(RECORD EXCERPTS Opens)

(* Let $R$ be a commutative unital ring which is Noetherian and quasi-Euclidean, and let $M$ be a finitely generated $R$-module. Let $M \cong R/\mathfrak{a}_1 \times R/\mathfrak{a}_2 \times \cdots \times R/\mathfrak{a}_k$ be the invariant factor decomposition of $M$, where $\mathfrak{a}_1,\dots,\mathfrak{a}_k$ are ideals with $R \neq \mathfrak{a}_1 \supseteq \mathfrak{a}_2 \supseteq \cdots \supseteq \mathfrak{a}_k$, and identify $M$ with this product. For $1\le i\le k$ let $e_i \in M$ be the element with $i$-th coordinate $1 \in R/\mathfrak{a}_i$ and $j$-th coordinate $0$ for $j \neq i$. Then for every $n \ge k$, every row $\mathbf{m} \in \mathrm{Um}_n(M)$ is $\mathrm{E}_n(R)$-equivalent to a row of the form $(\delta e_1, e_2, \dots, e_k, 0, \dots, 0)$ (with $n-k$ trailing zeros) for some $\delta \in (R/\mathfrak{a}_1)^{\times}$. Moreover, if $n > k$, then $\delta$ can be taken to be $1$.
   Context: All rings are commutative with identity; $R^{\times}$ denotes the unit group of $R$. A ring $R$ is quasi-Euclidean if for every $n \ge 2$ and every $\mathbf{r} = (r_1,\dots,r_n) \in R^n$ there exist $E \in \mathrm{E}_n(R)$ and $d \in R$ with $(d,0,\dots,0) = \mathbf{r}E$. Here $\mathrm{E}_n(R)$ is the subgroup of $\mathrm{GL}_n(R)$ generated by the elementary matrices (matrices differing from the identity in a single off-diagonal entry). For a finitely generated $R$-module $M$ and $n\ge 1$, $\mathrm{Um}_n(M)$ is the set of $\mathbf{m}=(m_1,\dots,m_n)\in M^n$ whose components generate $M$. $\mathrm{GL}_n(R)$ acts on $M^n$ (and on $\mathrm{Um}_n(M)$) by right multiplication: $(\mathbf{m}A)_j = \sum_i m_i A_{ij}$. Two rows $\mathbf{m},\mathbf{m}'\in\mathrm{Um}_n(M)$ are $\mathrm{E}_n(R)$-equivalent if $\mathbf{m}'=\mathbf{m}E$ for some $E\in\mathrm{E}_n(R)$. The element $\delta e_1$ means $e_1$ with first coordinate replaced by $\delta$ (equivalently, $\tilde\delta e_1$ for any lift $\tilde\delta\in R$ of $\delta$). An invariant factor decomposition of a finitely generated module over such a ring exists and is unique, and $k$ equals the minimal number of generators of $M$. *)

From HB Require Import structures.
From mathcomp Require Import all_boot all_order all_algebra.
Set Implicit Arguments. Unset Strict Implicit. Unset Printing Implicit Defensive.
Import GRing.Theory.
Local Open Scope ring_scope.

Definition is_ideal (R : comRingType) (I : R -> Prop) : Prop :=
  [/\ I 0, (forall x y, I x -> I y -> I (x + y)) & (forall r x, I x -> I (r * x))].

Definition noetherian (R : comRingType) : Prop :=
  forall I : nat -> R -> Prop,
    (forall m, is_ideal (I m)) ->
    (forall m x, I m x -> I m.+1 x) ->
    exists N, forall m, (N <= m)%N -> forall x, I m x -> I N x.

Definition elementary_mx (R : comRingType) (n : nat) (A : 'M[R]_n) : Prop :=
  exists i j : 'I_n, i != j /\ exists a : R, A = 1%:M + a *: delta_mx i j.

Inductive En (R : comRingType) (n : nat) : 'M[R]_n -> Prop :=
| En_one : En 1%:M
| En_elem A : elementary_mx A -> En A
| En_mul A B : En A -> En B -> En (A *m B)
| En_inv A B : En A -> A *m B = 1%:M -> B *m A = 1%:M -> En B.

Definition quasi_euclidean (R : comRingType) : Prop :=
  forall n, (2 <= n)%N -> forall r : 'rV[R]_n,
    exists (E : 'M[R]_n) (d : R),
      En E /\ r *m E = \row_j (if (val j == 0)%N then d else 0).

(* The module M = R/a_0 x ... x R/a_{k-1} (ideals indexed 0..k-1; the paper's
   a_1..a_k).  An element of M is represented by a row of representatives
   in R^k; a row (m_1..m_n) in M^n by a matrix X : 'M_(n,k) whose j-th row
   gives the coordinates of m_j. *)

Definition mod_eq (R : comRingType) (n k : nat) (a : nat -> R -> Prop)
  (X Y : 'M[R]_(n, k)) : Prop :=
  forall (j : 'I_n) (l : 'I_k), a (val l) (X j l - Y j l).

Definition unimodular (R : comRingType) (n k : nat) (a : nat -> R -> Prop)
  (X : 'M[R]_(n, k)) : Prop :=
  forall x : 'rV[R]_k, exists c : 'rV[R]_n,
    forall l : 'I_k, a (val l) ((c *m X) ord0 l - x ord0 l).

(* Right action of A in GL_n(R): (m A)_j = sum_i m_i A_ij, i.e. on the
   coordinate matrix X it is A^T *m X. *)
Definition act (R : comRingType) (n k : nat) (A : 'M[R]_n) (X : 'M[R]_(n, k))
  : 'M[R]_(n, k) := A^T *m X.

Definition normal_form (R : comRingType) (n k : nat) (delta : R) : 'M[R]_(n, k) :=
  \matrix_(j < n, l < k)
    (if (val j == val l)%N then (if (val l == 0)%N then delta else 1) else 0).

Definition unit_mod (R : comRingType) (I : R -> Prop) (delta : R) : Prop :=
  exists u : R, I (delta * u - 1).

(** Quasi-Euclideanity turns
    the last column of the coordinate matrix into (d, 0, ..., 0), and since the
    row generates M its coordinate in R/a_k shows that d is a unit modulo a_k;
    elementary operations then put a 1 in the row of index k and clear the rest
    of that column.  Subtracting a combination of the other rows, provided again
    by generation, clears the rest of that row up to a_k, which lies in every
    other a_i.  Deleting this row and the last column leaves a generating row of
    R/a_1 x ... x R/a_(k-1), and elementary matrices of the smaller size embed
    into E_n(R).  A nontrivial delta can only come from the case n = k = 1, and
    that it is a unit is read off from the normal form still generating M. *)

From HB Require Import structures.
From mathcomp Require Import all_boot all_order all_algebra.
From mathcomp Require Import ring zify.
Set Implicit Arguments. Unset Strict Implicit. Unset Printing Implicit Defensive.
Import GRing.Theory.
Local Open Scope ring_scope.

Section Ideal.
Variables (R : comRingType) (I : R -> Prop).
Hypothesis idealI : is_ideal I.

Lemma idealr0 : I 0. Proof. by case: idealI. Qed.

Lemma idealrD x y : I x -> I y -> I (x + y).
Proof. by case: idealI => _ + _; apply. Qed.

Lemma idealrMl r x : I x -> I (r * x).
Proof. by case: idealI => _ _; apply. Qed.

Lemma idealrMr r x : I x -> I (x * r).
Proof. by rewrite mulrC; apply: idealrMl. Qed.

Lemma idealrN x : I x -> I (- x).
Proof. by rewrite -mulN1r; apply: idealrMl. Qed.

Lemma idealrB x y : I x -> I y -> I (x - y).
Proof. by move=> Ix Iy; apply: idealrD => //; apply: idealrN. Qed.

Lemma idealr_sum (T : Type) (s : seq T) (F : T -> R) :
  (forall t, I (F t)) -> I (\sum_(t <- s) F t).
Proof. by move=> IF; apply: (big_ind I) => //; [apply: idealr0 | apply: idealrD]. Qed.
End Ideal.

Section Action.
Variable R : comRingType.

Lemma actE n k (E : 'M[R]_n) (X : 'M[R]_(n, k)) r l :
  act E X r l = \sum_t E t r * X t l.
Proof. by rewrite /act mxE; apply: eq_bigr => t _; rewrite mxE. Qed.

Lemma actM n k (E F : 'M[R]_n) (X : 'M[R]_(n, k)) : act (E *m F) X = act F (act E X).
Proof. by rewrite /act trmx_mul mulmxA. Qed.

Lemma act1 n k (X : 'M[R]_(n, k)) : act 1%:M X = X.
Proof. by rewrite /act trmx1 mul1mx. Qed.

Lemma mul_nilpotent_shear n (D : 'M[R]_n) x y : D *m D = 0 ->
  (1%:M + x *: D) *m (1%:M + y *: D) = 1%:M + (x + y) *: D.
Proof.
move=> DD; rewrite mulmxDl !mulmxDr !mul1mx mulmx1 -!scalemxAl -scalemxAr DD.
by rewrite !scaler0 addr0 scalerDl (addrC (x *: D)) addrA.
Qed.

Lemma En_invertible n (E : 'M[R]_n) :
  En E -> exists F, E *m F = 1%:M /\ F *m E = 1%:M.
Proof.
elim=> {E}.
- by exists 1%:M; rewrite mul1mx.
- move=> _ [i [j [ij [c ->]]]]; exists (1%:M + (- c) *: delta_mx i j).
  have DD : delta_mx i j *m delta_mx i j = 0 :> 'M[R]_n.
    by rewrite mul_delta_mx_cond eq_sym (negbTE ij) mulr0n.
  by rewrite !mul_nilpotent_shear // ?addrN ?addNr scale0r addr0.
- move=> A B _ [FA [AFA FAA]] _ [FB [BFB FBB]]; exists (FB *m FA); split.
  + by rewrite mulmxA -(mulmxA A) BFB mulmx1 AFA.
  + by rewrite mulmxA -(mulmxA FB) FAA mulmx1 FBB.
- by move=> A B _ _ AB BA; exists A.
Qed.

Lemma unimodular_act (a : nat -> R -> Prop) n k (E : 'M[R]_n) (X : 'M[R]_(n, k)) :
  En E -> unimodular a X -> unimodular a (act E X).
Proof.
move=> /En_invertible [F [EF _]] uX x; have [c hc] := uX x.
exists (c *m F^T) => l.
by rewrite /act mulmxA -(mulmxA c) -trmx_mul EF trmx1 mulmx1.
Qed.
End Action.

Section Equivalence.
Variables (R : comRingType) (a : nat -> R -> Prop) (k : nat).
Hypothesis ideal_a : forall i, (i < k)%N -> is_ideal (a i).

Let ideal_l (l : 'I_k) : is_ideal (a l) := ideal_a (ltn_ord l).

Lemma mod_eq_refl n (X : 'M[R]_(n, k)) : mod_eq a X X.
Proof. by move=> j l; rewrite subrr; apply: idealr0 (ideal_l l). Qed.

Lemma mod_eq_trans n (X Y Z : 'M[R]_(n, k)) :
  mod_eq a X Y -> mod_eq a Y Z -> mod_eq a X Z.
Proof.
move=> XY YZ j l; have := idealrD (ideal_l l) (XY j l) (YZ j l).
by rewrite addrA subrK.
Qed.

Lemma mod_eq_act n (E : 'M[R]_n) (X Y : 'M[R]_(n, k)) :
  mod_eq a X Y -> mod_eq a (act E X) (act E Y).
Proof.
move=> XY j l; rewrite !actE -sumrB; apply: (idealr_sum (ideal_l l)) => t.
by rewrite -mulrBr; apply: idealrMl (ideal_l l) _ _ (XY t l).
Qed.

Lemma unimodular_mod_eq n (X Y : 'M[R]_(n, k)) :
  mod_eq a X Y -> unimodular a X -> unimodular a Y.
Proof.
move=> XY uX x; have [c hc] := uX x; exists c => l.
have -> : (c *m Y) ord0 l - x ord0 l =
   ((c *m X) ord0 l - x ord0 l) - \sum_t c ord0 t * (X t l - Y t l).
  rewrite !mxE [in RHS]addrAC -sumrB.
  by congr (_ - _); apply: eq_bigr => t _; ring.
apply: (idealrB (ideal_l l) (hc l)); apply: (idealr_sum (ideal_l l)) => t.
exact: (idealrMl (ideal_l l) _ (XY t l)).
Qed.

Definition En_equiv n (X Y : 'M[R]_(n, k)) := exists E, En E /\ mod_eq a (act E X) Y.

Lemma En_equiv_trans n (X Y Z : 'M[R]_(n, k)) :
  En_equiv X Y -> En_equiv Y Z -> En_equiv X Z.
Proof.
move=> [E [EE XY]] [F [EF YZ]]; exists (E *m F); split; first exact: En_mul.
by rewrite actM; apply: mod_eq_trans YZ; apply: mod_eq_act.
Qed.

Lemma En_equiv_act n (E : 'M[R]_n) (X : 'M[R]_(n, k)) : En E -> En_equiv X (act E X).
Proof. by move=> EE; exists E; split => //; apply: mod_eq_refl. Qed.

Lemma En_equiv_mod_eq n (X Y : 'M[R]_(n, k)) : mod_eq a X Y -> En_equiv X Y.
Proof. by move=> XY; exists 1%:M; rewrite act1; split => //; constructor. Qed.

Lemma unimodular_En_equiv n (X Y : 'M[R]_(n, k)) :
  En_equiv X Y -> unimodular a X -> unimodular a Y.
Proof.
by move=> [E [EE XY]] uX; apply: unimodular_mod_eq XY _; apply: unimodular_act.
Qed.
End Equivalence.

Section RowOperations.
Variable R : comRingType.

(RECORD EXCERPTS Closes)

WHAT THE TASK REQUIRES >> Exactly the lines above from the one with "mod_eq a X Y -> mod_eq a Y" to the one with "move=> XY j", both included, are to be quoted; leave the rest out.

ANSWER FOR THE TASK >>
  mod_eq a X Y -> mod_eq a Y Z -> mod_eq a X Z.
Proof.
move=> XY YZ j l; have := idealrD (ideal_l l) (XY j l) (YZ j l).
by rewrite addrA subrK.
Qed.

Lemma mod_eq_act n (E : 'M[R]_n) (X Y : 'M[R]_(n, k)) :
  mod_eq a X Y -> mod_eq a (act E X) (act E Y).
Proof.
move=> XY j l; rewrite !actE -sumrB; apply: (idealr_sum (ideal_l l)) => t.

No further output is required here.